- Born: 1960 (age 65–66) Thurles, County Tipperary, Ireland
- Education: Limerick School of Art and Design University of Cincinnati
- Known for: oil painting
- Elected: Aosdána (2017)
- Website: eddiekennedystudio.ie

= Eddie Kennedy =

Irish oil painter (born 1960)

Eddie Kennedy (born 1960) is an Irish painter. He is a member of Aosdána, an elite Irish association of artists.

==Early life==
Kennedy was born in Thurles in 1960.

==Career==
Kennedy studied at Limerick School of Art and Design, exhibiting at the Douglas Hyde Gallery in 1982 and graduating in 1983. He also attended the University of Cincinnati, receiving his Master of Fine Arts in 1989. He is chiefly active in oil painting of landscapes and seascapes, on canvas and linen.

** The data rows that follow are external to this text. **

Section AncestralSets.
Variable R : rcfType.
Variable d : nat.
Notation V := 'I_d.
Variable E : rel V.
Variable A : V -> V -> R.
Hypothesis A_ge0 : forall l k, 0 <= A l k.
Hypothesis A_gt0 : forall l k, (0 < A l k) = connect E k l.
Hypothesis A_lt_diag : forall l k, l != k -> A l k < A k k.
Variable O : {set V}.
Hypothesis O_ancestral : forall l, l \in O -> Anc E l \subset O.
Variable a : R.
Hypothesis a_gt1 : 1 < a.

Let A_diag_neq0 k : A k k != 0.
Proof. by rewrite gt_eqF // A_gt0 connect0. Qed.

Lemma nconnect_A_eq0 l k : ~~ connect E k l -> A l k = 0.
Proof. by rewrite -A_gt0 lt_neqAle A_ge0 andbT negbK => /eqP. Qed.

Lemma connect_memO k l : l \in O -> connect E k l -> k \in O.
Proof. by move=> lO ckl; apply: (subsetP (O_ancestral lO)); rewrite inE. Qed.

Lemma colmax_ge_sq (S : {set V}) i k : k \in S -> i \notin S ->
  A i k ^+ 2 <= colmax A S k.
Proof.
move=> kS iS; have ik : i != k by apply: contraNneq iS => ->.
by apply: bigmax_sup kS _; rewrite ltW // ltrXn2r ?A_lt_diag.
Qed.

Lemma colmax_eq0 (S : {set V}) k : (forall l, l \in S -> ~~ connect E k l) ->
  colmax A S k = 0.
Proof.
by move=> nc; apply: bigmax_eq_id => l /nc /nconnect_A_eq0 ->; rewrite expr0n.
Qed.

Lemma noanc_star_cond j : anc E j :&: ~: O = set0 -> star_cond A a O j.
Proof.
move=> noanc i iO ij; have iS : i \notin j |: O by rewrite in_setU1 negb_or ij.
apply: star_diff_eq => // k.
have [kS|kS] := boolP (k \in j |: O).
  apply: maxgap_eq0; [exact: exprn_ege1 (ltW a_gt1) | exact: bigmax_ge_id |].
  exact: colmax_ge_sq.
rewrite colmax_eq0 ?maxgap0 // => l; move: kS; rewrite !in_setU1 negb_or.
case/andP=> kj kO /orP [/eqP -> | lO].
  apply/negP => ckj; have : k \in anc E j :&: ~: O by rewrite !inE kj ckj.
  by rewrite noanc inE.
by apply: contraNN kO; exact: connect_memO.
Qed.
Lemma solution_pos_after t0 : 0 < t0 -> 0 < N t0 -> 0 < P t0 -> 0 < Z t0 ->
  forall t, t0 <= t -> 0 < N t /\ 0 < P t /\ 0 < Z t.
Proof.
  intros Ht0 HN0 HP0 HZ0 t Ht.
  apply (continuous_induction (fun r => 0 < N r /\ 0 < P r /\ 0 < Z r) t0 t); auto; try lra.
  - intros s Hs [HNs [HPs HZs]].
    destruct (continuity_pt_pos_ball N s (dlim_continuity _ _ _ (solution_dN s ltac:(lra))) HNs)
      as [e1 [He1 HN']].
    destruct (continuity_pt_pos_ball P s (dlim_continuity _ _ _ (solution_dP s ltac:(lra))) HPs)
      as [e2 [He2 HP']].
    destruct (continuity_pt_pos_ball Z s (dlim_continuity _ _ _ (solution_dZ s ltac:(lra))) HZs)
      as [e3 [He3 HZ']].
    exists (Rmin e1 (Rmin e2 e3)). split; [repeat apply Rmin_glb_lt; auto |].
    intros r Hr. pose proof (Rmin_l e1 (Rmin e2 e3)). pose proof (Rmin_r e1 (Rmin e2 e3)).
    pose proof (Rmin_l e2 e3). pose proof (Rmin_r e2 e3).
    repeat split; [apply HN' | apply HP' | apply HZ']; rewrite Rabs_right; lra.
  - intros s Hs Hprev. apply (solution_pos_at_sup t0 s); auto; lra.
Qed.

Lemma solution_total_deriv t : 0 < t ->
  derivable_pt_lim (fun s => N s + P s / g1 + Z s / (g1 * g2)) t
    (mu * D - D * N t - D1 * P t / g1 - D2 * Z t / (g1 * g2)).
Proof.
  intros Ht. eapply dlim_eq_val.
  - apply dlim_plus; [apply dlim_plus; [apply solution_dN, Ht |] |].
    + apply (derivable_pt_lim_div_scal P), solution_dP, Ht.
    + apply (derivable_pt_lim_div_scal Z), solution_dZ, Ht.
  - unfold fN, fP, fZ. field. lra.
Qed.

End Solution.

Lemma solution_eventually_pos N P Z : pos_solution N P Z ->
  Rbar_locally p_infty (fun t => 0 < t /\ 0 < N t /\ 0 < P t /\ 0 < Z t).
Proof.
  intros [Hs [HN [HP HZ]]].
  pose proof Hs as [cN [cP [cZ _]]].
  destruct (cN (N 0) HN) as [dn [Hdn HNball]].
  destruct (cP (P 0) HP) as [dp [Hdp HPball]].
  destruct (cZ (Z 0) HZ) as [dz [Hdz HZball]].
  set (m := Rmin dn (Rmin dp dz)).
  assert (Hm : 0 < m) by (repeat apply Rmin_glb_lt; auto).
  assert (Hmn : m <= dn) by apply Rmin_l.
  assert (Hmp : m <= dp) by (pose proof (Rmin_r dn (Rmin dp dz)); pose proof (Rmin_l dp dz); unfold m; lra).
  assert (Hmz : m <= dz) by (pose proof (Rmin_r dn (Rmin dp dz)); pose proof (Rmin_r dp dz); unfold m; lra).
  specialize (HNball (m / 2) ltac:(lra)). specialize (HPball (m / 2) ltac:(lra)).
  specialize (HZball (m / 2) ltac:(lra)).
  apply Rabs_def2 in HNball, HPball, HZball.
  exists (m / 2). intros t Ht. split; [lra |].
  apply (solution_pos_after N P Z Hs (m / 2)); lra.
Qed.

Definition box (Sm n p z : R) : Prop :=
  0 < n <= Sm /\ 0 < p <= g1 * Sm /\ 0 < z <= g1 * g2 * Sm.

Lemma box_of_total Sm n p z : 0 < n -> 0 < p -> 0 < z ->
  n + p / g1 + z / (g1 * g2) <= Sm -> box Sm n p z.
Proof.
  intros Hn Hp Hz Htot. assert (Hg12 : 0 < g1 * g2) by nra.
  assert (0 < p / g1) by (apply Rdiv_lt_0_compat; lra).
  assert (0 < z / (g1 * g2)) by (apply Rdiv_lt_0_compat; lra).
  assert (EP : p = g1 * (p / g1)) by (field; lra).
  assert (EZ : z = g1 * g2 * (z / (g1 * g2))) by (field; lra).
  repeat split; try lra.
  - rewrite EP. apply Rmult_le_compat_l; lra.
  - rewrite EZ. apply Rmult_le_compat_l; lra.
Qed.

In 2017 he won a Pollock-Krasner Foundation award and was elected to Aosdána.

According to artist Randall Exon, "There is always a surprise in Eddie’s paintings, but the surprise is never provocative as much as it is evocative. Meaning is everywhere and in everything. It is the range of emotion and spirit that so impresses."

==Personal life==
Kennedy lives and works in Dublin and County Mayo.